# Cute New Picture of "Whinny For Me's Blissfully Dun"



## Jill (Apr 1, 2010)

Just wanted to share a nice picture H snapped this morning of our 3 day old filly, Bliss. Her neck looks a little choppy b/c it was clipped in a spot by the vet for her precautionary plasma transfusion. We are smitten with Bliss:

[SIZE=14pt]*Whinny For Me's Blissfully Dun, a/k/a Bliss*[/SIZE]
_2010 AMHA / AMHR pending Sorrel Filly with Huge Star_

By Erica's Gone and DunIT (AMHR Nat'l Top 10 / AMHA Honor Roll / Multi Champion), out of Harrells Rowdys Reflection of Hope (Halter Grand Champion)

Bloodlines include: Buckeroo, Reflection, Rowdy, BTU, Yellow Diamond Little Feather, and Egyptian King







and quick look at her parents:




x




--------------------------------

*Updated April 2, 2010 to show some new shots of her at 4 days old. I ♥ Bliss!!!*


----------



## Leeana (Apr 1, 2010)

She is really cute, Jill!!!!


----------



## Jill (Apr 2, 2010)

Thanks, Leeana





H saw me scratching her special spot so now I think the race is own to see who gets to be her person


----------



## Frankie (Apr 2, 2010)

Very nice little girl, congrats!!! So glad she's doing well!


----------



## Matt73 (Apr 2, 2010)

She's so sweet. Jill


----------



## disneyhorse (Apr 2, 2010)

Aww congrats on a cute filly! They are so fun to play with, especially when they are so friendly!

Andrea


----------



## Laura Leopard (Apr 2, 2010)

She is so cute!


----------



## Marty (Apr 2, 2010)

She's so cute Jill. All fluffy and cozy. I've always liked her mother a lot too.

Now how about an update on Trooper? We haven't seen that little guy in ages!


----------



## Jill (Apr 2, 2010)

Thanks, everyone!

Marty, we will get pictures of Trooper (by DunIT) and Infinity & Piper (by Destiny) later when they are not so shaggy.
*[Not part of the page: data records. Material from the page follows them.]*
(* Let $\epsilon<2$ be a constant. For any instance oracle $f$ with $\max\{|f(G,v)|: G \text{ an } n\text{-node graph}, v\in G\}=o(n\log n)$ and any deterministic exploration algorithm $A$, there exist a constant $c>0$ and infinitely many $n$ such that for each of them some $n$-node graph $G$ and starting node $v$ force the agent executing $A$ with input $f(G,v)$ from $v$ to make at least $c n^{\epsilon}$ edge traversals before completing exploration; i.e., exploration takes time $\Omega(n^\epsilon)$ on some $n$-node graph, for arbitrarily large $n$.
   Context: Model: a graph is a simple connected undirected graph with $n$ nodes. Nodes are unlabeled; at each node of degree $d$ the incident edges carry distinct port numbers $0,\dots,d-1$, arbitrarily assigned. A mobile agent starts at some node. At each step, located at a node $u$ whose degree it knows, it chooses a port at $u$ and traverses the corresponding edge to a neighbor $w$; upon arrival it learns the port number of this edge at $w$ and the degree of $w$. The agent must visit all nodes and stop; the time of exploration is the number of edge traversals. A deterministic exploration algorithm receives as input a binary string (advice); its size is its length. An instance oracle is a function assigning a binary string $f(G,v)$ to each pair $(G,v)$ where $G$ is a port-numbered graph and $v$ is the starting node of the agent. Logarithms are to base 2. *)

From Stdlib Require Export Reals List Arith.
Export ListNotations.
Open Scope R_scope.

Definition log2 (x : R) : R := ln x / ln 2.

(* Nodes are 0 .. pn-1.  [deg u] is the degree of u;
   for a port p < deg u, [nbr u p] is the neighbour reached through port p
   and [rport u p] is the port number of that edge at the neighbour.
   Values outside the domain are irrelevant junk. *)
Record pgraph := PGraph {
  pn : nat;
  deg : nat -> nat;
  nbr : nat -> nat -> nat;
  rport : nat -> nat -> nat
}.

Inductive reach (G : pgraph) : nat -> nat -> Prop :=
| reach_refl u : reach G u u
| reach_step u p w : (p < deg G u)%nat -> reach G (nbr G u p) w -> reach G u w.

Definition pg_ok (G : pgraph) : Prop :=
  (1 <= pn G)%nat /\
  (forall u p, (u < pn G)%nat -> (p < deg G u)%nat ->
     (nbr G u p < pn G)%nat /\
     (rport G u p < deg G (nbr G u p))%nat /\
     nbr G (nbr G u p) (rport G u p) = u /\
     rport G (nbr G u p) (rport G u p) = p /\
     nbr G u p <> u) /\
  (forall u p q, (u < pn G)%nat -> (p < deg G u)%nat -> (q < deg G u)%nat ->
     p <> q -> nbr G u p <> nbr G u q) /\
  (forall u w, (u < pn G)%nat -> (w < pn G)%nat -> reach G u w).

(* A deterministic exploration algorithm: given the advice, the degree of the
   starting node and the history of observations
   (port taken, port of entry at the new node, degree of the new node),
   it outputs [None] (stop) or [Some p] (traverse port p). *)
Definition algo := list bool -> nat -> list (nat * nat * nat) -> option nat.

Definition oracle := pgraph -> nat -> list bool.

(* State after k steps: (current node, history, visited nodes), or None if
   the agent stopped earlier or chose an invalid port. *)
Fixpoint run (G : pgraph) (A : algo) (adv : list bool) (v : nat) (k : nat)
  : option (nat * list (nat * nat * nat) * list nat) :=
  match k with
  | O => Some (v, [], [v])
  | S k' =>
    match run G A adv v k' with
    | Some (u, h, vis) =>
      match A adv (deg G v) h with
      | Some p =>
        if Nat.ltb p (deg G u) then
          let w := nbr G u p in
          Some (w, h ++ [(p, rport G u p, deg G w)], w :: vis)
        else None
      | None => None
      end
    | None => None
    end
  end.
They are looking really good and H and I are proud of them (our babies from last year). They're all doing very well and Trooper is loving his new paddock mates who are all kin through BTU -- Bacardi (great uncle), Blue (uncle) and Ducky (brother). He almost looks like a much smaller Bacardi in color. Both Ducky and Trooper have a through the fence infactuation going with Bliss


----------



## Jill (Apr 2, 2010)

At the risk of revealing the depth of my infatuation with Bliss, I just added some new good pictures to the original post from today (4 days old)


----------



## drk (Apr 2, 2010)

AWWWW..... She is a cutie pie !!!!


----------



## ShaunaL (Apr 3, 2010)

She is beautiful Jill! Her star is just precious too


----------



## Leeana (Apr 3, 2010)

Jill you must get yearling pictures of those Destiny fillies....I was thinking about them just the other day


----------



## Jill (Apr 3, 2010)

Thanks, ladies





Leeana, I will get them when they aren't so furry. You should see the gorgeous faces on them with these huge doe eyes, short heads and dishy as can be. And bodies built to show / drive / breed. I really like how Destiny works with the Bandito chicas!!!



(PS though they are fat piggies right now and it's not all fluffy hair!)


----------



## Jill (Oct 29, 2011)

I came accross this when looking up another topic, and since I have more grown up pictures of Bliss handy, I thought I'd update! We love her and she is the second example of a neat baby out of DunIT x Hope as she has an older, beautiful, brother:


----------



## chandab (Oct 29, 2011)

I love this filly, she is just gorgeous.


----------



## Jill (Nov 2, 2011)

Thanks, Chanda


----------



## stellabella (Nov 2, 2011)

Wow that palamino filly is gorgeous. I had to look twice at the first pic, She looks like a true Miniature QH. Just gorgeous!


----------



## Jill (Nov 2, 2011)

Thank you, Stella



She has sure grown on me... go figure how that seems to happen



Her mom, Hope, is one of my favorite mares


----------



## AnnaC (Nov 2, 2011)

Oh your palomino is just gorgeous, but your little filly is the perfect example of a cute, cuddly little pumpkin!!


----------



## Jill (Nov 2, 2011)

Thanks, Anna! The little pumpkin grew up to be the palomino filly


----------



## markadoodle (Nov 3, 2011)

Jill! She is the cutest darn little girl.


----------



## Frankie (Nov 6, 2011)

She is so expressive!!! Very cute!


----------